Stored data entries
(* Let $X$ be a connected, locally compact Polish space with a partial order $\le$ whose strict part is $<$, and suppose there is $M\subseteq X$ such that: (i) $M$ has at least two elements, is connected, and is totally ordered by $<$; (ii) for every $m\in M$ and every neighborhood $U$ of $m$ in $X$ there are $\underline m,\overline m\in M$ with $m\in[\underline m,\overline m]\subseteq U$, where moreover $\overline m$ can be chosen with $m<\overline m$ if $m$ is not the largest element of $M$, and $\underline m$ can be chosen with $\underline m<m$ if $m$ is not the smallest element of $M$; (iii) for every bounded sequence $(x_n)$ in $X$ there are $\underline m,\overline m\in M$ with $\underline m\le x_n\le\overline m$ for all sufficiently large $n$. Let $\succeq$ be a continuous strictly monotone preference on $X$. Then for every $x\in X$ there is a unique $m^*(x)\in M$ with $x\sim m^*(x)$. Moreover, for any continuous strictly increasing $u:X\to\mathbb{R}$, the function $u_\succeq(x)=u(m^*(x))$ is a continuous utility representation of $\succeq$.
   Context: $[\underline m,\overline m]=\{z\in X:\underline m\le z\le\overline m\}$. A preference is a complete transitive binary relation; continuous if closed in $X\times X$; strictly monotone if $y<x$ implies $x\succ y$; $x\sim y$ means $x\succeq y$ and $y\succeq x$. A function $u$ is strictly increasing if $x<y$ implies $u(x)<u(y)$; it represents $\succeq$ if $x\succeq y\iff u(x)\ge u(y)$. Boundedness in (iii) refers to a metric compatible with the topology of $X$. *)

From HB Require Import structures.
From mathcomp Require Import all_boot all_order all_algebra.
From mathcomp Require Import all_classical all_reals all_analysis.
Set Implicit Arguments. Unset Strict Implicit. Unset Printing Implicit Defensive.
Import Order.TTheory GRing.Theory Num.Theory.
Import numFieldTopology.Exports numFieldNormedType.Exports.
Local Open Scope classical_set_scope.
Local Open Scope ring_scope.

Definition is_metric {R : realType} {X : Type} (d : X -> X -> R) : Prop :=
  (forall x y, 0 <= d x y) /\ (forall x y, d x y = 0 <-> x = y) /\
  (forall x y, d x y = d y x) /\ (forall x y z, d x z <= d x y + d y z).

Definition compatible_metric {R : realType} {X : topologicalType}
  (d : X -> X -> R) : Prop :=
  is_metric d /\
  forall A : set X, open A <->
    (forall x, A x -> exists2 e : R, 0 < e & [set y | d x y < e] `<=` A).

Definition complete_metric {R : realType} {X : topologicalType}
  (d : X -> X -> R) : Prop :=
  forall s : nat -> X,
    (forall e : R, 0 < e -> exists N : nat, forall n m : nat,
        (N <= n)%N -> (N <= m)%N -> d (s n) (s m) < e) ->
    exists l : X, s @ \oo --> l.

Definition separable_space (X : topologicalType) : Prop :=
  exists D : set X, countable D /\ closure D = setT.

Definition polish (R : realType) (X : topologicalType) : Prop :=
  separable_space X /\
  exists d : X -> X -> R, compatible_metric d /\ complete_metric d.

Definition partial_order {X : Type} (le : X -> X -> Prop) : Prop :=
  (forall x, le x x) /\ (forall x y, le x y -> le y x -> x = y) /\
  (forall x y z, le x y -> le y z -> le x z).

Definition strict {X : Type} (le : X -> X -> Prop) (x y : X) : Prop :=
  le x y /\ x <> y.

Definition oint {X : Type} (le : X -> X -> Prop) (a b : X) : set X :=
  [set z | le a z /\ le z b].

Definition preference {X : Type} (pref : X -> X -> Prop) : Prop :=
  (forall x y, pref x y \/ pref y x) /\
  (forall x y z, pref x y -> pref y z -> pref x z).

Definition continuous_pref {X : topologicalType} (pref : X -> X -> Prop) : Prop :=
  closed [set p : X * X | pref p.1 p.2].

Definition spref {X : Type} (pref : X -> X -> Prop) (x y : X) : Prop :=
  pref x y /\ ~ pref y x.

Definition indiff {X : Type} (pref : X -> X -> Prop) (x y : X) : Prop :=
  pref x y /\ pref y x.

Definition strictly_monotone {X : Type} (le : X -> X -> Prop)
  (pref : X -> X -> Prop) : Prop :=
  forall x y, strict le y x -> spref pref x y.

Definition strictly_increasing {R : realType} {X : Type}
  (le : X -> X -> Prop) (u : X -> R) : Prop :=
  forall x y, strict le x y -> u x < u y.

Definition represents {R : realType} {X : Type} (pref : X -> X -> Prop)
  (u : X -> R) : Prop :=
  forall x y, pref x y <-> u y <= u x.

Definition bounded_seq {R : realType} {X : Type} (d : X -> X -> R)
  (s : nat -> X) : Prop :=
  exists x0 : X, exists r : R, forall n, d x0 (s n) <= r.

From HB Require Import structures.
From mathcomp Require Import all_boot all_order all_algebra.
From mathcomp Require Import all_classical all_reals all_analysis.
Import Order.TTheory GRing.Theory Num.Theory.
Import numFieldTopology.Exports numFieldNormedType.Exports.
Local Open Scope classical_set_scope.
Local Open Scope ring_scope.

(* For x in X, the elements of M weakly above x and those weakly below x form
   two closed subsets of M (continuity of the preference) covering M
   (completeness). Applying (iii) to the constant sequence x gives elements
   lo <= x <= hi of M, which lie in one set each by strict monotonicity, so by
   connectedness of M the two sets meet: this is m*(x). It is unique because
   distinct elements of M are strictly comparable, hence strictly ranked.
   Along the chain M, a strictly increasing u ranks exactly as the preference,
   so u o m* represents it. For continuity at x0, (ii) puts an order interval
   [lo, hi] of M inside a given neighbourhood of m*(x0), with hi above m*(x0)
   strictly unless m*(x0) is the top of M; then {x | ~ x >= hi} is an open
   neighbourhood of x0 on which m*(x) < hi, and symmetrically for lo. *)

Lemma connected_closed_cover {T : topologicalType} {A B C : set T} :
  connected A -> closed B -> closed C -> A `<=` B `|` C ->
  A `&` B !=set0 -> A `&` C !=set0 -> A `&` B `&` C !=set0.
Proof.
move=> cA cB cC ABC AB0 [c [Ac Cc]]; apply: contrapT => nABC.
have AB_eq_AnotC : A `&` B = A `&` ~` C.
  apply/seteqP; split=> x [Ax Bx]; split=> //.
    by move=> Cx; apply: nABC; exists x.
  by case: (ABC x Ax).
have AB_eq : A `&` B = A.
  by apply: cA => //; [exists (~` C) => //; exact: closed_openC | exists B].
have : (A `&` B) c by rewrite AB_eq.
by move=> [_ Bc]; apply: nABC; exists c.
Qed.

Lemma bounded_seq_cst {R : realType} {T : Type} {d : T -> T -> R} (x : T) :
  is_metric d -> bounded_seq d (fun=> x).
Proof. by move=> [_ [d_eq0 _]]; exists x, 0 => _; rewrite (d_eq0 x x).2. Qed.

Section ClosedRelation.
Context {T : topologicalType} {P : T -> T -> Prop}.
Hypothesis closedP : closed [set p : T * T | P p.1 p.2].

Lemma closed_sectionl c : closed [set x | P x c].
Proof.
apply: (continuous_closedP (fun x => (x, c))).1 closedP => x.
exact: cvg_pair cvg_id (cvg_cst _).
Qed.

Lemma closed_sectionr c : closed [set x | P c x].
Proof.
apply: (continuous_closedP (fun x => (c, x))).1 closedP => x.
exact: cvg_pair (cvg_cst _) cvg_id.
Qed.

Lemma near_not_sectionl c x0 : ~ P x0 c -> \forall x \near x0, ~ P x c.
Proof.
move=> nP; apply: open_nbhs_nbhs; split=> //.
exact/closed_openC/closed_sectionl.
Qed.

Lemma near_not_sectionr c x0 : ~ P c x0 -> \forall x \near x0, ~ P c x.
Proof.
move=> nP; apply: open_nbhs_nbhs; split=> //.
exact/closed_openC/closed_sectionr.
Qed.

End ClosedRelation.

Section StrictlyMonotonePreference.
Context {T : Type} {le pref : T -> T -> Prop}.
Hypotheses (prefP : preference pref) (pref_mono : strictly_monotone le pref).

Let pref_trans {x y z} : pref x y -> pref y z -> pref x z.
Proof. exact: prefP.2. Qed.

Lemma pref_refl x : pref x x.
Proof. by case: (prefP.1 x x). Qed.

Lemma pref_of_le {x y} : le y x -> pref x y.
Proof.
move=> le_yx; have [<-|neq_yx] := pselect (y = x); first exact: pref_refl.
by have [] := pref_mono x y (conj le_yx neq_yx).
Qed.

Lemma strict_not_pref {x y} : strict le x y -> ~ pref x y.
Proof. by move=> lt_xy; have [] := pref_mono y x lt_xy. Qed.

Context {M : set T}.
Hypothesis M_chain :
  forall m m', M m -> M m' -> m <> m' -> strict le m m' \/ strict le m' m.

Lemma chain_strict_of_not_pref {a b} :
  M a -> M b -> ~ pref a b -> strict le a b.
Proof.
move=> Ma Mb npref_ab; have [eq_ab|neq_ab] := pselect (a = b).
  by case: npref_ab; rewrite eq_ab; exact: pref_refl.
by case: (M_chain _ _ Ma Mb neq_ab) => // /(pref_mono _ _)[].
Qed.

Lemma chain_indiff_unique {x a b} :
  M a -> M b -> indiff pref x a -> indiff pref x b -> a = b.
Proof.
move=> Ma Mb [xa ax] [xb bx]; apply: contrapT => neq_ab.
case: (M_chain _ _ Ma Mb neq_ab) => /strict_not_pref; apply.
  exact: pref_trans ax xb.
exact: pref_trans bx xa.
Qed.

Lemma chain_pref_iff {R : realType} (u : T -> R) {a b} :
  strictly_increasing le u -> M a -> M b -> pref a b <-> u b <= u a.
Proof.
move=> u_incr Ma Mb; split=> [pref_ab|le_uba].
  have [->//|neq_ab] := pselect (a = b).
  case: (M_chain _ _ Ma Mb neq_ab) => [/strict_not_pref//|/(u_incr _ _)/ltW//].
apply: contrapT => /(chain_strict_of_not_pref Ma Mb)/(u_incr _ _).
by rewrite ltNge le_uba.
Qed.

Context {ms : T -> T}.
Hypothesis ms_indiff : forall x, M (ms x) /\ indiff pref x (ms x).

Lemma pref_ms x y : pref x y <-> pref (ms x) (ms y).
Proof.
have [[_ [x_msx msx_x]] [_ [y_msy msy_y]]] := (ms_indiff x, ms_indiff y).
split=> [pref_xy|pref_ms_xy].
  exact: pref_trans msx_x (pref_trans pref_xy y_msy).
exact: pref_trans x_msx (pref_trans pref_ms_xy msy_y).
Qed.

Lemma represents_comp_ms {R : realType} (u : T -> R) :
  strictly_increasing le u -> represents pref (fun x => u (ms x)).
Proof.
move=> u_incr x y; rewrite pref_ms.
exact: chain_pref_iff (ms_indiff x).1 (ms_indiff y).1.
Qed.

End StrictlyMonotonePreference.

Lemma exists_indiff_connected {X : topologicalType} {pref : X -> X -> Prop}
    {M : set X} {x lo hi : X} :
  preference pref -> continuous_pref pref -> connected M ->
  M lo -> M hi -> pref x lo -> pref hi x -> exists m, M m /\ indiff pref x m.
Proof.
move=> [pref_total _] pref_closed M_conn Mlo Mhi x_lo hi_x.
have [|||m [[Mm m_x] x_m]] := connected_closed_cover M_conn
  (closed_sectionl pref_closed x) (closed_sectionr pref_closed x).
- by move=> m _; case: (pref_total m x); [left | right].
- by exists hi.
- by exists lo.
by exists m.
Qed.

Section ContinuityOfIndifferentChainPoint.
Context {X : topologicalType} {le pref : X -> X -> Prop} {M : set X}.
Hypotheses (le_trans : forall x y z, le x y -> le y z -> le x z)
  (prefP : preference pref) (pref_closed : continuous_pref pref)
  (pref_mono : strictly_monotone le pref)
  (M_chain : forall m m', M m -> M m' -> m <> m' ->
     strict le m m' \/ strict le m' m).
Context {ms : X -> X}.
Hypothesis ms_indiff : forall x, M (ms x) /\ indiff pref x (ms x).

Let pref_trans {x y z} : pref x y -> pref y z -> pref x z.
Proof. exact: prefP.2. Qed.

Lemma near_le_above x0 hi : M hi -> le (ms x0) hi ->
  ((exists m, M m /\ strict le (ms x0) m) -> strict le (ms x0) hi) ->
  \forall x \near x0, le (ms x) hi.
Proof.
move=> Mhi le_m0hi above; have [/above lt_m0hi|m0_top] := pselect
  (exists m, M m /\ strict le (ms x0) m).
  have near_not_hi : \forall x \near x0, ~ pref x hi.
    apply: (near_not_sectionl pref_closed hi x0) => x0_hi.
    apply: (strict_not_pref pref_mono lt_m0hi).
    exact: pref_trans (ms_indiff x0).2.2 x0_hi.
  apply: filterS near_not_hi => x nx_hi.
  suff /(chain_strict_of_not_pref prefP pref_mono M_chain (ms_indiff x).1 Mhi)[]
    : ~ pref (ms x) hi by [].
  by move=> msx_hi; apply: nx_hi (pref_trans (ms_indiff x).2.1 msx_hi).
apply: nearW => x; have [->//|neq] := pselect (ms x = ms x0).
case: (M_chain _ _ (ms_indiff x).1 (ms_indiff x0).1 neq) => [[le_xm0 _]|lt_m0x].
  exact: le_trans le_xm0 le_m0hi.
by case: m0_top; exists (ms x); split=> //; exact: (ms_indiff x).1.
Qed.

Lemma near_le_below x0 lo : M lo -> le lo (ms x0) ->
  ((exists m, M m /\ strict le m (ms x0)) -> strict le lo (ms x0)) ->
  \forall x \near x0, le lo (ms x).
Proof.
move=> Mlo le_lom0 below; have [/below lt_lom0|m0_bot] := pselect
  (exists m, M m /\ strict le m (ms x0)).
  have near_not_lo : \forall x \near x0, ~ pref lo x.
    apply: (near_not_sectionr pref_closed lo x0) => lo_x0.
    apply: (strict_not_pref pref_mono lt_lom0).
    exact: pref_trans lo_x0 (ms_indiff x0).2.1.
  apply: filterS near_not_lo => x nlo_x.
  suff /(chain_strict_of_not_pref prefP pref_mono M_chain Mlo (ms_indiff x).1)[]
    : ~ pref lo (ms x) by [].
  by move=> lo_msx; apply: nlo_x (pref_trans lo_msx (ms_indiff x).2.2).
apply: nearW => x; have [->//|neq] := pselect (ms x = ms x0).
case: (M_chain _ _ (ms_indiff x).1 (ms_indiff x0).1 neq) => [lt_xm0|[le_m0x _]].
  by case: m0_bot; exists (ms x); split=> //; exact: (ms_indiff x).1.
exact: le_trans le_lom0 le_m0x.
Qed.

Lemma continuous_comp_ms {R : realType} (u : X -> R) :
  (forall m, M m -> forall U : set X, nbhs m U ->
     exists lo hi, [/\ M lo /\ M hi, oint le lo hi m, oint le lo hi `<=` U,
       ((exists m', M m' /\ strict le m m') -> strict le m hi) &
       ((exists m', M m' /\ strict le m' m) -> strict le lo m)]) ->
  continuous u -> continuous (fun x => u (ms x)).
Proof.
move=> M_intervals u_cont x0; apply/cvgrPdist_lt => e e_gt0.
have /(M_intervals _ (ms_indiff x0).1)
    [lo [hi [[Mlo Mhi] [le_lom0 le_m0hi] interval_sub above below]]] :
    \forall t \near ms x0, `|u (ms x0) - u t| < e.
  by move: (u_cont (ms x0)) => /cvgrPdist_lt; apply.
near=> x; apply: interval_sub; split; near: x.
  exact: near_le_below Mlo le_lom0 below.
exact: near_le_above Mhi le_m0hi above.
Unshelve. all: by end_near.
Qed.

End ContinuityOfIndifferentChainPoint.

Theorem lemma13 (R : realType) (X : topologicalType)
  (d : X -> X -> R) (le : X -> X -> Prop) (M : set X)
  (pref : X -> X -> Prop) :
  connected [set: X] ->
  locally_compact [set: X] ->
  polish R X ->
  compatible_metric d ->
  partial_order le ->
  (* (i) *)
  (exists m1 m2, M m1 /\ M m2 /\ m1 <> m2) ->
  connected M ->
  (forall m m', M m -> M m' -> m <> m' -> strict le m m' \/ strict le m' m) ->
  (* (ii) *)
  (forall m, M m -> forall U : set X, nbhs m U ->
     exists lo hi, [/\ M lo /\ M hi, oint le lo hi m, oint le lo hi `<=` U,
       ((exists m', M m' /\ strict le m m') -> strict le m hi) &
       ((exists m', M m' /\ strict le m' m) -> strict le lo m)]) ->
  (* (iii) *)
  (forall s : nat -> X, bounded_seq d s ->
     exists lo hi, M lo /\ M hi /\
       exists N : nat, forall n, (N <= n)%N -> le lo (s n) /\ le (s n) hi) ->
  preference pref -> continuous_pref pref -> strictly_monotone le pref ->
  (forall x, exists! m, M m /\ indiff pref x m) /\
  (forall mstar : X -> X, (forall x, M (mstar x) /\ indiff pref x (mstar x)) ->
   forall u : X -> R, continuous u -> strictly_increasing le u ->
     continuous (fun x => u (mstar x)) /\ represents pref (fun x => u (mstar x))).
Proof.
move=> _ _ _ [d_metric _] [_ [_ le_trans]] _ M_conn M_chain M_intervals
  M_bounds prefP pref_closed pref_mono.
split=> [x | ms ms_indiff u u_cont u_incr].
  have [lo [hi [Mlo [Mhi [N /(_ N (leqnn N)) [le_lox le_xhi]]]]]] :=
    M_bounds _ (bounded_seq_cst x d_metric).
  have [m [Mm x_m]] := exists_indiff_connected prefP pref_closed M_conn Mlo Mhi
    (pref_of_le prefP pref_mono le_lox) (pref_of_le prefP pref_mono le_xhi).
  exists m; split=> // m' [Mm' x_m'].
  exact: (chain_indiff_unique prefP pref_mono M_chain Mm Mm' x_m x_m').
split.
  exact: (continuous_comp_ms le_trans prefP pref_closed pref_mono M_chain
    ms_indiff u M_intervals u_cont).
exact: (represents_comp_ms prefP pref_mono M_chain ms_indiff u u_incr).
Qed.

▶ **Work order**: Copy every line from the entries that contains the word "which".

▶ **Result of this task**:
   lo <= x <= hi of M, which lie in one set each by strict monotonicity, so by
   neighbourhood of x0 on which m*(x) < hi, and symmetrically for lo. *)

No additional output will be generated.